WHAT TO WORK ON -
Keep to one stretch of the data below, the lines from the one with "exists (n : pt) (c : R), n != 0 /\" up to and including the one with "rays_from O (quad_region P1 P2 P3 P4).", and return that stretch exactly.

═══ DATA PROVIDED ═══

(* Points $A,B,C,D\in I^3$ are consecutive vertices of a convex quadrilateral not lying in an isotropic plane if and only if the planes $A^*,B^*,C^*,D^*$ contain consecutive flat angles of an admissible convex 4-hedral angle.
   Context: $I^3$ is $\mathbb{R}^3$ with coordinates $(x,y,z)$; a line or plane is isotropic if parallel to the $z$-axis. Metric duality: a point $P=(P^1,P^2,P^3)$ corresponds to the plane $P^*\colon z=P^1x+P^2y-P^3$. Given a convex quadrilateral in a plane and a point $O$ not in the plane, the union of all rays from $O$ meeting the quadrilateral is a convex 4-hedral angle with vertex $O$; the union of rays from $O$ meeting one side of the quadrilateral is a flat angle; the four flat angles are consecutive in the order of the sides. The 4-hedral angle is admissible if the isotropic line through $O$ meets its interior. *)

From HB Require Import structures.
From mathcomp Require Import all_boot all_order all_algebra.
From mathcomp Require Import reals.
Set Implicit Arguments. Unset Strict Implicit. Unset Printing Implicit Defensive.
Import Order.TTheory GRing.Theory Num.Theory.
Local Open Scope ring_scope.

(* Points of I^3 = R^3 are row vectors 'rV[R]_3; coordinates
   x = p 0 0, y = p 0 1, z = p 0 2. *)
Section Defs.
Variable R : realType.
Notation pt := 'rV[R]_3.

Definition xc (p : pt) : R := p 0 0.
Definition yc (p : pt) : R := p 0 1.
Definition zc (p : pt) : R := p 0 2%:R.

Definition dotp (u v : pt) : R := \sum_(i < 3) u 0 i * v 0 i.

Definition dual_plane (P : pt) : pt -> Prop :=
  fun X => zc X = xc P * xc X + yc P * yc X - zc P.

Definition collinear3 (P Q S : pt) : Prop :=
  exists (a d : pt), d != 0 /\
    (exists t : R, P = a + t *: d) /\ (exists t : R, Q = a + t *: d) /\
    (exists t : R, S = a + t *: d).

(* A, B, C, D are consecutive vertices of a (non-degenerate) convex
   quadrilateral: the vertices are not all collinear and the diagonals
   AC and BD cross at a point interior to both. *)
Definition convex_quad (A B C D : pt) : Prop :=
  ~ collinear3 A B C /\
  exists s t : R, 0 < s < 1 /\ 0 < t < 1 /\
    A + s *: (C - A) = B + t *: (D - B).

(* the four points lie in an isotropic (vertical) plane a x + b y = c *)
Definition in_isotropic_plane (A B C D : pt) : Prop :=
  exists a b c : R, (a != 0 \/ b != 0) /\
    (forall X, X \in [:: A; B; C; D] -> a * xc X + b * yc X = c).

Definition off_plane (O P1 P2 P3 P4 : pt) : Prop :=
  exists (n : pt) (c : R), n != 0 /\
    dotp n P1 = c /\ dotp n P2 = c /\ dotp n P3 = c /\ dotp n P4 = c /\
    dotp n O != c.

Definition quad_region (P1 P2 P3 P4 : pt) : pt -> Prop :=
  fun X => exists l1 l2 l3 l4 : R,
    0 <= l1 /\ 0 <= l2 /\ 0 <= l3 /\ 0 <= l4 /\ l1 + l2 + l3 + l4 = 1 /\
    X = l1 *: P1 + l2 *: P2 + l3 *: P3 + l4 *: P4.

Definition rays_from (O : pt) (S : pt -> Prop) : pt -> Prop :=
  fun Y => exists (t : R) (X : pt), 0 <= t /\ S X /\ Y = O + t *: (X - O).

Definition segment (P Q : pt) : pt -> Prop :=
  fun X => exists u : R, 0 <= u <= 1 /\ X = P + u *: (Q - P).

Definition hedral_angle (O P1 P2 P3 P4 : pt) : pt -> Prop :=
  rays_from O (quad_region P1 P2 P3 P4).

Definition flat_angle (O P Q : pt) : pt -> Prop := rays_from O (segment P Q).

Definition is_convex_4hedral (O P1 P2 P3 P4 : pt) : Prop :=
  convex_quad P1 P2 P3 P4 /\ off_plane O P1 P2 P3 P4.

Definition interior3 (S : pt -> Prop) : pt -> Prop :=
  fun X => exists e : R, 0 < e /\
    forall Y : pt, dotp (Y - X) (Y - X) < e -> S Y.

(* admissible: the isotropic line through O meets the interior *)
Definition admissible (O P1 P2 P3 P4 : pt) : Prop :=
  exists Y : pt, xc Y = xc O /\ yc Y = yc O /\
    interior3 (hedral_angle O P1 P2 P3 P4) Y.

Definition subset3 (S T : pt -> Prop) : Prop := forall X, S X -> T X.

End Defs.

From HB Require Import structures.
From mathcomp Require Import all_boot all_order all_algebra.
From mathcomp Require Import reals.
From mathcomp Require Import ring lra.
Import Order.TTheory GRing.Theory Num.Theory.
Set Implicit Arguments. Unset Strict Implicit. Unset Printing Implicit Defensive.
Local Open Scope ring_scope.

(* Put n_X := dual_normal X = (x_X, y_X, -1).  Then X^* = {Y | n_X . Y = z_X}, and O
   lies on X^* iff X lies on O^*.  So the four dual planes pass through one point O iff
   A, B, C, D lie in the non-isotropic plane O^*, and the faces X^* and Y^* of the angle
   meet along the line through O in direction n_X x n_Y.  Both convexity conditions are
   sign conditions on 3x3 determinants: four vectors on an affine plane missing the
   origin have crossing diagonals iff their four cyclic determinants share a sign.  The
   identity det(a x b, b x c, c x d) = det(a, b, c) det(b, c, d) transports these signs
   between the edge directions of the angle and the lifts (x, y, 1) of A, B, C, D.
   Admissibility (the isotropic line through O enters the angle) is what gives the four
   edges consistent orientations with respect to the z-axis. *)

Section SignRules.
Variable R : realDomainType.

Lemma mul_same_sign_gt0 (d a b : R) : 0 < d * a -> 0 < d * b -> 0 < a * b.
Proof.
move=> da db; have d0 : d != 0 by apply: contraTneq da => ->; rewrite mul0r ltxx.
have dd : 0 < d * d by rewrite -expr2 exprn_even_gt0.
rewrite -(pmulr_rgt0 _ dd) (_ : d * d * (a * b) = (d * a) * (d * b)).
  exact: mulr_gt0.
by ring.
Qed.

Lemma sign_of_prod3 (r o k1 k2 k3 : R) :
  0 < r * k1 -> 0 < r * k2 -> 0 < r * k3 -> 0 < o * (k1 * k2 * k3) -> 0 < r * o.
Proof.
move=> rk1 rk2 rk3 ok; have r0 : r != 0 by apply: contraTneq rk1 => ->; rewrite mul0r ltxx.
have rr : 0 < r * r by rewrite -expr2 exprn_even_gt0.
have rk : 0 < r * k1 * (r * k2) * (r * k3) by do 2 apply: mulr_gt0 => //.
rewrite -(pmulr_lgt0 _ rk).
rewrite (_ : r * o * _ = r * r * (r * r) * (o * (k1 * k2 * k3))).
  by do 2 apply: mulr_gt0 => //.
by ring.
Qed.

End SignRules.

Lemma ratio_in_01 (R : realFieldType) (k a b : R) :
  0 < k * a -> 0 < k * b -> 0 < b / (a + b) < 1.
Proof.
move=> ka kb; have k0 : k != 0 by apply: contraTneq ka => ->; rewrite mul0r ltxx.
have kab : 0 < k * a + k * b by rewrite addr_gt0.
have ab0 : a + b != 0 by apply: contraTneq kab => ab0; rewrite -mulrDr ab0 mulr0 ltxx.
rewrite (_ : b / (a + b) = k * b / (k * a + k * b)).
  by rewrite divr_gt0 //= ltr_pdivrMr // mul1r ltrDr.
by rewrite -mulrDr; field; rewrite ab0.
Qed.

Section Space.
Variable R : realType.
Notation pt := 'rV[R]_3.
Implicit Types (u v w n h O P Q S X Y A B C D : pt) (k s t c : R).

Lemma row3_eq u v : xc u = xc v -> yc u = yc v -> zc u = zc v -> u = v.
Proof.
rewrite /xc /yc /zc => ex ey ez; apply/rowP => -[[|[|[|//]]] lt3].
- by rewrite (_ : Ordinal lt3 = 0) //; apply/val_inj.
- by rewrite (_ : Ordinal lt3 = 1) //; apply/val_inj.
- by rewrite (_ : Ordinal lt3 = 2%:R) //; apply/val_inj.
Qed.

Lemma coord_eq u v : u = v -> [/\ xc u = xc v, yc u = yc v & zc u = zc v].
Proof. by move->. Qed.

Definition row3 (x y z : R) : pt := \row_(i < 3) [:: x; y; z]`_i.

Lemma xc_row3 x y z : xc (row3 x y z) = x. Proof. by rewrite /xc mxE. Qed.
Lemma yc_row3 x y z : yc (row3 x y z) = y. Proof. by rewrite /yc mxE. Qed.
Lemma zc_row3 x y z : zc (row3 x y z) = z. Proof. by rewrite /zc mxE. Qed.
Lemma xcD u v : xc (u + v) = xc u + xc v. Proof. by rewrite /xc mxE. Qed.
Lemma ycD u v : yc (u + v) = yc u + yc v. Proof. by rewrite /yc mxE. Qed.
Lemma zcD u v : zc (u + v) = zc u + zc v. Proof. by rewrite /zc mxE. Qed.
Lemma xcN u : xc (- u) = - xc u. Proof. by rewrite /xc mxE. Qed.
Lemma ycN u : yc (- u) = - yc u. Proof. by rewrite /yc mxE. Qed.
Lemma zcN u : zc (- u) = - zc u. Proof. by rewrite /zc mxE. Qed.
Lemma xcZ k u : xc (k *: u) = k * xc u. Proof. by rewrite /xc mxE. Qed.
Lemma ycZ k u : yc (k *: u) = k * yc u. Proof. by rewrite /yc mxE. Qed.
Lemma zcZ k u : zc (k *: u) = k * zc u. Proof. by rewrite /zc mxE. Qed.
Lemma xc0 : xc (0 : pt) = 0. Proof. by rewrite /xc mxE. Qed.
Lemma yc0 : yc (0 : pt) = 0. Proof. by rewrite /yc mxE. Qed.
Lemma zc0 : zc (0 : pt) = 0. Proof. by rewrite /zc mxE. Qed.

Definition coordE := (xcD, ycD, zcD, xcN, ycN, zcN, xcZ, ycZ, zcZ, xc0, yc0, zc0,
  xc_row3, yc_row3, zc_row3).

Lemma dotpE u v : dotp u v = xc u * xc v + yc u * yc v + zc u * zc v.
Proof.
rewrite /dotp !big_ord_recr big_ord0 /= add0r /xc /yc /zc.
by do !congr (_ + _); congr (_ * _); congr (_ _ _); apply/val_inj.
Qed.

Lemma dotpDr u v w : dotp u (v + w) = dotp u v + dotp u w.
Proof. by rewrite !dotpE !coordE; ring. Qed.

Lemma dotpBr u v w : dotp u (v - w) = dotp u v - dotp u w.
Proof. by rewrite !dotpE !coordE; ring. Qed.

Lemma dotpZr k u v : dotp u (k *: v) = k * dotp u v.
Proof. by rewrite !dotpE !coordE; ring. Qed.

Lemma dotpZl k u v : dotp (k *: u) v = k * dotp u v.
Proof. by rewrite !dotpE !coordE; ring. Qed.

Lemma dotp_ge0 v : 0 <= dotp v v.
Proof. by rewrite dotpE -!expr2 !addr_ge0 ?sqr_ge0. Qed.

Lemma dotp_gt0 v : v != 0 -> 0 < dotp v v.
Proof.
move=> v0; rewrite lt_def dotp_ge0 andbT; apply: contra v0.
rewrite dotpE -!expr2 paddr_eq0 ?addr_ge0 ?sqr_ge0 // paddr_eq0 ?sqr_ge0 //.
rewrite !sqrf_eq0 => /andP[/andP[/eqP x0 /eqP y0] /eqP z0].
by apply/eqP/row3_eq; rewrite coordE.
Qed.

Definition det3 u v w := xc u * (yc v * zc w - zc v * yc w)
  - yc u * (xc v * zc w - zc v * xc w) + zc u * (xc v * yc w - yc v * xc w).

Definition cross u v := row3 (yc u * zc v - zc u * yc v)
  (zc u * xc v - xc u * zc v) (xc u * yc v - yc u * xc v).

Lemma det3_cyc u v w : det3 u v w = det3 v w u.
Proof. by rewrite /det3; ring. Qed.

Lemma det3Z (a b c : R) u v w : det3 (a *: u) (b *: v) (c *: w) = a * b * c * det3 u v w.
Proof. by rewrite /det3 !coordE; ring. Qed.

Lemma dotp_cross u v w : dotp (cross u v) w = det3 u v w.
Proof. by rewrite dotpE /cross /det3 !coordE; ring. Qed.

Lemma det3_cross3 u1 u2 u3 u4 :
  det3 (cross u1 u2) (cross u2 u3) (cross u3 u4) = det3 u1 u2 u3 * det3 u2 u3 u4.
Proof. by rewrite /det3 /cross !coordE; ring. Qed.

Lemma det3_relation u1 u2 u3 u4 :
  det3 u2 u3 u4 *: u1 + det3 u4 u1 u2 *: u3 = det3 u3 u4 u1 *: u2 + det3 u1 u2 u3 *: u4.
Proof. by apply: row3_eq; rewrite /det3 !coordE; ring. Qed.

Lemma cramer u v w (d : pt) :
  det3 u v w *: d
  = dotp d (cross v w) *: u + dotp d (cross w u) *: v + dotp d (cross u v) *: w.
Proof. by apply: row3_eq; rewrite /cross !dotpE /det3 !coordE; ring. Qed.

Lemma cross_basis u v w n :
  det3 u v w *: n
  = dotp n u *: cross v w + dotp n v *: cross w u + dotp n w *: cross u v.
Proof. by apply: row3_eq; rewrite /cross !dotpE /det3 !coordE; ring. Qed.

Lemma cauchy_schwarz u v : dotp u v ^+ 2 <= dotp u u * dotp v v.
Proof.
rewrite -subr_ge0 (_ : _ - _ = dotp (cross u v) (cross u v)) ?dotp_ge0 //.
by rewrite /cross !dotpE !coordE; ring.
Qed.

Lemma cross0r v : cross v 0 = 0.
Proof. by apply: row3_eq; rewrite /cross !coordE; ring. Qed.

Lemma triple_cross v w : dotp v v *: w = dotp v w *: v - cross v (cross v w).
Proof. by apply: row3_eq; rewrite /cross !dotpE !coordE; ring. Qed.

Lemma dotp_cross_l (u v : pt) : dotp u (cross u v) = 0.
Proof. by rewrite dotpE /cross !coordE; ring. Qed.

Lemma dotp_cross_r (u v : pt) : dotp v (cross u v) = 0.
Proof. by rewrite dotpE /cross !coordE; ring. Qed.

Lemma collinear3_dup P S : collinear3 P P S.
Proof.
have [-> | SP] := eqVneq S P.
  exists P, (row3 1 0 0); split; last by split; [|split]; exists 0; rewrite scale0r addr0.
  by apply/eqP => /coord_eq[]; rewrite !coordE => /eqP; rewrite oner_eq0.
exists P, (S - P); rewrite subr_eq0 SP; split=> //.
split; [|split]; [exists 0 | exists 0 | exists 1]; rewrite ?scale0r ?addr0 //.
by rewrite scale1r addrC subrK.
Qed.

Lemma collinear3P P Q S : collinear3 P Q S <-> cross (Q - P) (S - P) = 0.
Proof.
split.
  case=> a [d] [_ [[t1 ->] [[t2 ->] [t3 ->]]]].
  by apply: row3_eq; rewrite /cross !coordE; ring.
move=> vw0; have [QP | v0] := eqVneq (Q - P) 0.
  by move/eqP: QP; rewrite subr_eq0 => /eqP->; apply: collinear3_dup.
exists P, (Q - P); split=> //; split; first by exists 0; rewrite scale0r addr0.
split; first by exists 1; rewrite scale1r addrC subrK.
exists (dotp (Q - P) (S - P) / dotp (Q - P) (Q - P)).
have vv0 : dotp (Q - P) (Q - P) != 0 by rewrite gt_eqF ?dotp_gt0.
have key : dotp (Q - P) (Q - P) *: (S - P) = dotp (Q - P) (S - P) *: (Q - P).
  by rewrite triple_cross vw0 cross0r subr0.
by rewrite mulrC -scalerA -key scalerA mulVf // scale1r addrC subrK.
Qed.

Lemma det3_subr O P Q S :
  det3 (P - O) (Q - O) (S - O) = dotp (cross (Q - P) (S - P)) (P - O).
Proof. by rewrite dotp_cross /det3 !coordE; ring. Qed.

Lemma collinear3_det3 O P Q S : collinear3 P Q S -> det3 (P - O) (Q - O) (S - O) = 0.
Proof. by rewrite det3_subr => /collinear3P->; rewrite dotpE !coordE; ring. Qed.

═══

RESULT FOR THIS EXERCISE -
  exists (n : pt) (c : R), n != 0 /\
    dotp n P1 = c /\ dotp n P2 = c /\ dotp n P3 = c /\ dotp n P4 = c /\
    dotp n O != c.

Definition quad_region (P1 P2 P3 P4 : pt) : pt -> Prop :=
  fun X => exists l1 l2 l3 l4 : R,
    0 <= l1 /\ 0 <= l2 /\ 0 <= l3 /\ 0 <= l4 /\ l1 + l2 + l3 + l4 = 1 /\
    X = l1 *: P1 + l2 *: P2 + l3 *: P3 + l4 *: P4.

Definition rays_from (O : pt) (S : pt -> Prop) : pt -> Prop :=
  fun Y => exists (t : R) (X : pt), 0 <= t /\ S X /\ Y = O + t *: (X - O).

Definition segment (P Q : pt) : pt -> Prop :=
  fun X => exists u : R, 0 <= u <= 1 /\ X = P + u *: (Q - P).

Definition hedral_angle (O P1 P2 P3 P4 : pt) : pt -> Prop :=
  rays_from O (quad_region P1 P2 P3 P4).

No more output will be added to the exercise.